Sting is een popgenie. Deze zoon van een kapster en een melkman schonk de wereld The Police, inclusief een resem tijdloze hits. Toen hij midden jaren 80 solo ging, bleef het popgoud en -platina uit zijn vingers stromen. De jaren 2000, daarentegen, springen er vooral uit door de reünietournee van The Police. Sting ontwikkelde ook de onhebbelijke gewoonte om zijn eigen songs in nieuwe arrangementen te wringen. Hoe je kan denken dat je iets kan verbeteren wat al perfect is, het blijft ons een raadsel.
In 2019 stak Sting plots de neus aan het venster met “Reste“, een samenwerking met Gims die wij, en wij niet alleen, zeker konden smaken. Van zijn duet met Zucchero moesten we dan weer een half uur in foetushouding in de hoek gaan liggen om er terug een beetje door te komen. De vraag voor zijn nieuwe album The Bridge was dus vooral: steekt het popgenie Sting zijn hoofd nog eens boven water?
Openingsnummer en tweede single “Rushing Water” begint met een simpele beat en een eenvoudig riffje. Altijd een goed idee voor een popsong. Vreemd genoeg klinkt Sting niet echt als Sting, alsof hij met een andere stem zingt. Maar goed, het refrein breekt weids open en drummer Josh Freese doet iets leuks op een cymbaal. Wij zeggen: ‘meer moet dat niet zijn’. “If It’s Love”, de eerste single en het tweede nummer op het album, opent zowaar met een gefloten melodietje. Jawel, gefluit in 2021, lekker ouderwets. Toch werkt het in al zijn pretentieloosheid. Onder het refrein echoot “All This Time”, maar dat zal aan het gitaartje van Dominic Miller liggen.

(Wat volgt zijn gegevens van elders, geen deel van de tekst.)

(* Let $G(A,B)$ be a matching-covered bipartite graph. Then $G(A,B)$ has an equivalent class if and only if $G(A,B)$ has a 2-edge-cut which separates $G(A,B)$ into two balanced components.
   Context: A matching-covered graph is a connected graph with a perfect matching in which every edge lies in some perfect matching. Two edges of a matching-covered graph $G$ are equivalent if every perfect matching of $G$ either contains both of them or contains neither. An equivalent class of $G$ is a set $K\subseteq E(G)$ with at least two edges such that any two edges of $K$ are equivalent. A 2-edge-cut separating $G$ into two components is a set $S$ of two edges such that $G\setminus S$ has exactly two components and $S$ consists of the edges between them. A bipartite component with bipartition $(A',B')$ is balanced if $|A'|=|B'|$. *)

(* Finite simple graphs on a finType T given by a
   symmetric irreflexive relation e; edges are 2-element vertex sets. *)
From mathcomp Require Import all_boot.
Set Implicit Arguments. Unset Strict Implicit. Unset Printing Implicit Defensive.

Section Graphs.
Variable T : finType.

Definition simple_graph (e : rel T) : Prop := symmetric e /\ irreflexive e.

Definition edges (e : rel T) : {set {set T}} :=
  [set [set x; y] | x in T, y in T & e x y].

Definition connected_graph (e : rel T) : Prop := forall x y : T, connect e x y.

Definition perfect_matching (e : rel T) (M : {set {set T}}) : Prop :=
  M \subset edges e /\ forall v : T, #|[set f in M | v \in f]| = 1.

Definition matching_covered (e : rel T) : Prop :=
  connected_graph e /\ (exists M, perfect_matching e M) /\
  forall f, f \in edges e -> exists M, perfect_matching e M /\ f \in M.

Definition bipartite_with (e : rel T) (A : {set T}) : Prop :=
  forall x y, e x y -> (x \in A) != (y \in A).

Definition equivalent_edges (e : rel T) (f g : {set T}) : Prop :=
  forall M, perfect_matching e M -> (f \in M) = (g \in M).

Definition equivalent_class (e : rel T) (K : {set {set T}}) : Prop :=
  K \subset edges e /\ 2 <= #|K| /\
  forall f g, f \in K -> g \in K -> equivalent_edges e f g.

Definition delete_edges (e : rel T) (S : {set {set T}}) : rel T :=
  fun x y => e x y && ([set x; y] \notin S).

Definition cut_edges (e : rel T) (X : {set T}) : {set {set T}} :=
  [set f in edges e | [exists x in X, exists y in ~: X, f == [set x; y]]].

Definition two_edge_cut_sep (e : rel T) (S : {set {set T}}) (X : {set T}) : Prop :=
  S \subset edges e /\ #|S| = 2 /\
  X != set0 /\ ~: X != set0 /\
  (forall x y, connect (delete_edges e S) x y <-> ((x \in X) = (y \in X))) /\
  S = cut_edges e X.

Definition balanced (A C : {set T}) : Prop := #|C :&: A| = #|C :&: ~: A|.

End Graphs.

(* For a perfect matching q, call v in X an exit of X if q v is
   not in X.  The other vertices of X are paired by q across the bipartition,
   so #(A-exits) - #(B-exits) = #(X :&: A) - #(X :&: ~: A).
   If S = {f, g} is the cut of a balanced X, a perfect matching containing
   exactly one of f, g would give X a single exit, which is impossible.
   Conversely, let f = {a1, p a1} and g = {a2, p a2} be equivalent edges of a
   perfect matching p, with a1, a2 in A, and let X be the set of vertices
   reachable from a1 by p-alternating paths that never enter a1 or a2.  If p a1
   were in X, flipping p along the resulting alternating cycle through f
   would give a perfect matching containing g but not f.  Counting exits for p
   and for a perfect matching avoiding f shows that X is balanced and contains
   p a2; counting them for a perfect matching through an edge leaving X shows
   that f and g are the only edges leaving X.  The set built in the same way
   from a2 covers the complement of X, so both sides are connected in G - S. *)

From mathcomp Require Import all_boot zify.
Set Implicit Arguments. Unset Strict Implicit. Unset Printing Implicit Defensive.

Section Graph.
Variables (T : finType) (e : rel T).
Hypothesis sym_e : symmetric e.

Lemma set2_eq (a b c d : T) :
  [set a; b] = [set c; d] -> (a = c /\ b = d) \/ (a = d /\ b = c).
Proof.
move=> E.
have ha : a \in [set c; d] by rewrite -E set21.
have hb : b \in [set c; d] by rewrite -E set22.
have hc : c \in [set a; b] by rewrite E set21.
have hd : d \in [set a; b] by rewrite E set22.
case/set2P: ha => ha; case/set2P: hb => hb; subst; auto;
  by case/set2P: hc => hc; case/set2P: hd => hd; subst; auto.
Qed.

Lemma edges_set2 x y : e x y -> [set x; y] \in edges e.
Proof. by move=> exy; apply/imset2P; exists x y; rewrite ?inE. Qed.

Lemma edgesP f : f \in edges e -> exists x y, e x y /\ f = [set x; y].
Proof. by case/imset2P => x y _; rewrite inE => exy ->; exists x, y. Qed.

Lemma edges_rel x y : [set x; y] \in edges e -> e x y.
Proof.
case/edgesP => u [v [euv /set2_eq]].
by case=> -[-> ->] //; rewrite sym_e.
Qed.

Lemma mem_cut_edges X u v :
  e u v -> ([set u; v] \in cut_edges e X) = ((u \in X) != (v \in X)).
Proof.
move=> euv; rewrite inE edges_set2 //=; apply/existsP/idP.
  case=> x /andP[xX /existsP[y /andP[]]]; rewrite inE => yX /eqP/set2_eq.
  by case=> -[-> ->]; rewrite ?xX ?(negbTE yX).
case uX: (u \in X) => /=; rewrite ?negbK => vX.
  by exists u; rewrite uX; apply/existsP; exists v; rewrite inE vX /=.
by exists v; rewrite vX; apply/existsP; exists u; rewrite inE uX setUC /=.
Qed.

Lemma closed_connected (Z : {set T}) x y : connected_graph e ->
  (forall u v, e u v -> u \in Z -> v \in Z) -> x \in Z -> y \in Z.
Proof.
move=> conn clZ; rewrite -(closed_connect _ (conn x y)) // => u v euv.
by apply/idP/idP; apply: clZ; rewrite // sym_e.
Qed.

Lemma two_edge_cut_sepI (S : {set {set T}}) (X : {set T}) x y :
  S \subset edges e -> #|S| = 2 -> S = cut_edges e X -> x \in X -> y \notin X ->
  (forall v, v \in X -> connect (delete_edges e S) x v) ->
  (forall v, v \notin X -> connect (delete_edges e S) y v) ->
  two_edge_cut_sep e S X.
Proof.
move=> Ssub S2 Scut xX yX connX connY.
have sym_del : connect_sym (delete_edges e S).
  by apply: sym_connect_sym => u v; rewrite /delete_edges sym_e setUC.
have closedX : closed (delete_edges e S) (mem X).
  by move=> u v /andP[euv]; rewrite Scut mem_cut_edges // negbK => /eqP.
split=> //; split=> //; split; first by apply/set0Pn; exists x.
split; first by apply/set0Pn; exists y; rewrite inE.
split=> // u v; split; first exact: closed_connect.
case uX: (u \in X) => /esym vX.
  by apply: connect_trans (connX _ vX); rewrite sym_del; apply: connX.
by apply: connect_trans (connY _ (negbT vX)); rewrite sym_del; apply: connY; rewrite uX.
Qed.

Lemma setC_subset_cover (S : {set {set T}}) (X Y : {set T}) x :
  connected_graph e -> x \in X ->
  (forall u v, e u v -> u \in X -> v \notin X -> [set u; v] \in S) ->
  (forall u v, e u v -> u \in Y -> v \notin Y -> [set u; v] \in S) ->
  (forall f, f \in S -> f \subset X :|: Y) -> ~: X \subset Y.
Proof.
move=> conn xX cutX cutY coverS.
have cover v : v \in X :|: Y.
  apply: (@closed_connected _ x v conn); last by rewrite in_setU xX.
  move=> u w euw; rewrite in_setU => /orP[uX | uY].
    case wX: (w \in X); first by rewrite in_setU wX.
    by apply: (subsetP (coverS _ (cutX _ _ euw uX (negbT wX)))); rewrite set22.
  case wY: (w \in Y); first by rewrite in_setU wY orbT.
  by apply: (subsetP (coverS _ (cutY _ _ euw uY (negbT wY)))); rewrite set22.
by apply/subsetP => v; rewrite inE => /negbTE vX; have := cover v; rewrite in_setU vX.
Qed.

Lemma connect_last (R : rel T) x y : connect R x y -> x != y ->
  exists2 u, connect R x u & R u y.
Proof.
case/connectP => s; elim/last_ind: s => [|s z _] /=; first by move=> _ ->; rewrite eqxx.
rewrite rcons_path last_rcons => /andP[ps Rz] -> _.
by exists (last x s) => //; apply/connectP; exists s.
Qed.
(* If the communication graph of a system is a simple chain (a path graph) of $n\ge2$ trajectories, then its isolation-resilience is $n-2$.
   Context: Model. A system consists of pairwise disjoint unit circles $C_1,\dots,C_n$ in the plane (trajectories) and a communication range $r>0$. Its communication graph $G$ has vertex set $\{C_1,\dots,C_n\}$, $C_i,C_j$ adjacent iff the distance between their centres is at most $2+r$ (the circles need not lie on a straight line). Positions on a circle are angles (mod $2\pi$). For an edge $(i,j)$, the link position $\phi_{ij}$ is the angle of the point of $C_i$ closest to $C_j$. A schedule $F=(f,g)$ assigns each circle a starting angle $f(C_i)$ and direction $g(C_i)\in\{1,-1\}$; a robot following it on $C_i$ is at $f(C_i)+g(C_i)2\pi t$ at time $t$. $F$ is a synchronization schedule if $g(C_i)=-g(C_j)$ for adjacent circles and robots following $F$ on adjacent $C_i,C_j$ are at $\phi_{ij},\phi_{ji}$ at exactly the same times. A synchronized communication system (SCS) consists of $n$ robots, initially one per circle, following a synchronization schedule, with the switching rule: when a robot on $C_i$ reaches $\phi_{ij}$ and $C_j$ is empty, it instantly passes to $C_j$ and follows the schedule of $C_j$; if $C_j$ has a robot, they meet and each stays on its circle. A partial SCS arises by letting some robots leave (possibly at different times); remaining robots never leave. A surviving robot $u$ starves if every time $u$ arrives at a link position $\phi_{ij}$ of its current circle $C_i$, the circle $C_j$ is empty; the system is in starvation state if all surviving robots starve. The isolation-resilience is the largest $k$ such that, whichever $k$ robots leave, the system does not fall into starvation state. *)

From Stdlib Require Import Reals Lra Lia List.
Open Scope R_scope.

(* A system: n unit circles C_0..C_{n-1} with centres (cx i, cy i),
   communication range r, and a schedule F = (f, g):
   f i = starting angle on C_i, g i = direction (+1 / -1). *)
Record system := mkSystem {
  n  : nat;
  cx : nat -> R;
  cy : nat -> R;
  r  : R;
  f  : nat -> R;
  g  : nat -> R
}.

Definition dist (sy : system) (i j : nat) : R :=
  sqrt ((cx sy i - cx sy j) ^ 2 + (cy sy i - cy sy j) ^ 2).

(* Pairwise disjoint unit circles (equal radii: disjoint iff centres at distance > 2). *)
Definition disjoint_circles (sy : system) : Prop :=
  forall i j, (i < n sy)%nat -> (j < n sy)%nat -> i <> j -> 2 < dist sy i j.

Definition valid_system (sy : system) : Prop :=
  0 < r sy /\ disjoint_circles sy /\
  (forall i, (i < n sy)%nat -> g sy i = 1 \/ g sy i = -1).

Na de prettige pop trekt Sting de schuif met atmosferische nummers open met “The Book of Numbers” en “Loving You”. We horen een meer parlando Sting, de verhalenverteller in plaats van de zanger, met een wat diepere stem, waarna de eerste echte uitschieter volgt: “Harmony Road”. Het klinkt alsof het in een rare maatsoort geschreven is, maar komt toch groovy binnen. De saxofoonsolo van Branford Marsalis levert extra punten op.
Voor “For Her Love” (flamenco en tweederangs-“Fragile”), “The Hills on the Border” (pop met country en Ierse folk, iemand?) en “Captain Bateman” (Sting goes Pirates of the Caribbean) passen we. Gelukkig charmeert “The Bells of St. Thomas” wel, met de jazzy borsteltjes van werelddrummer Manu Katché en als openingszin ‘I wake up in Antwerp in some rich woman’s bed.’ Afsluiter “The Bridge” durven we een akoestisch niemendalletje noemen dat iets te geaffecteerd gezongen wordt. Daar bezondigt hij zich wel meer aan doorheen het album.
Sting ziet het zo: ‘De nummers bevinden zich tussen een plaats en een andere, tussen leven en dood en tussen relaties. We bevinden ons ook tussen pandemieën en tussen tijdperken. We hebben een brug nodig.’ Of dat dit album is, en wat de brug is tussen de nummers onderling, weten we niet goed. Ook al stroomt er hier en daar wat water door, stilistisch springt Sting te veel van de ene tak op de andere. Het beste nummer – het had hem een halve ster extra kunnen opleveren – is een bonus track: het volledig instrumentale “Captain Bateman’s Basement”. Manu Katché haalt de snaredrum van Metallica’s “St. Anger” boven, terwijl Sting bas speelt en scat alsof z’n leven ervan afhangt. Jazzy en funky. Het bewijs dat de onlangs 70 geworden Sting toch nog steeds kan steken.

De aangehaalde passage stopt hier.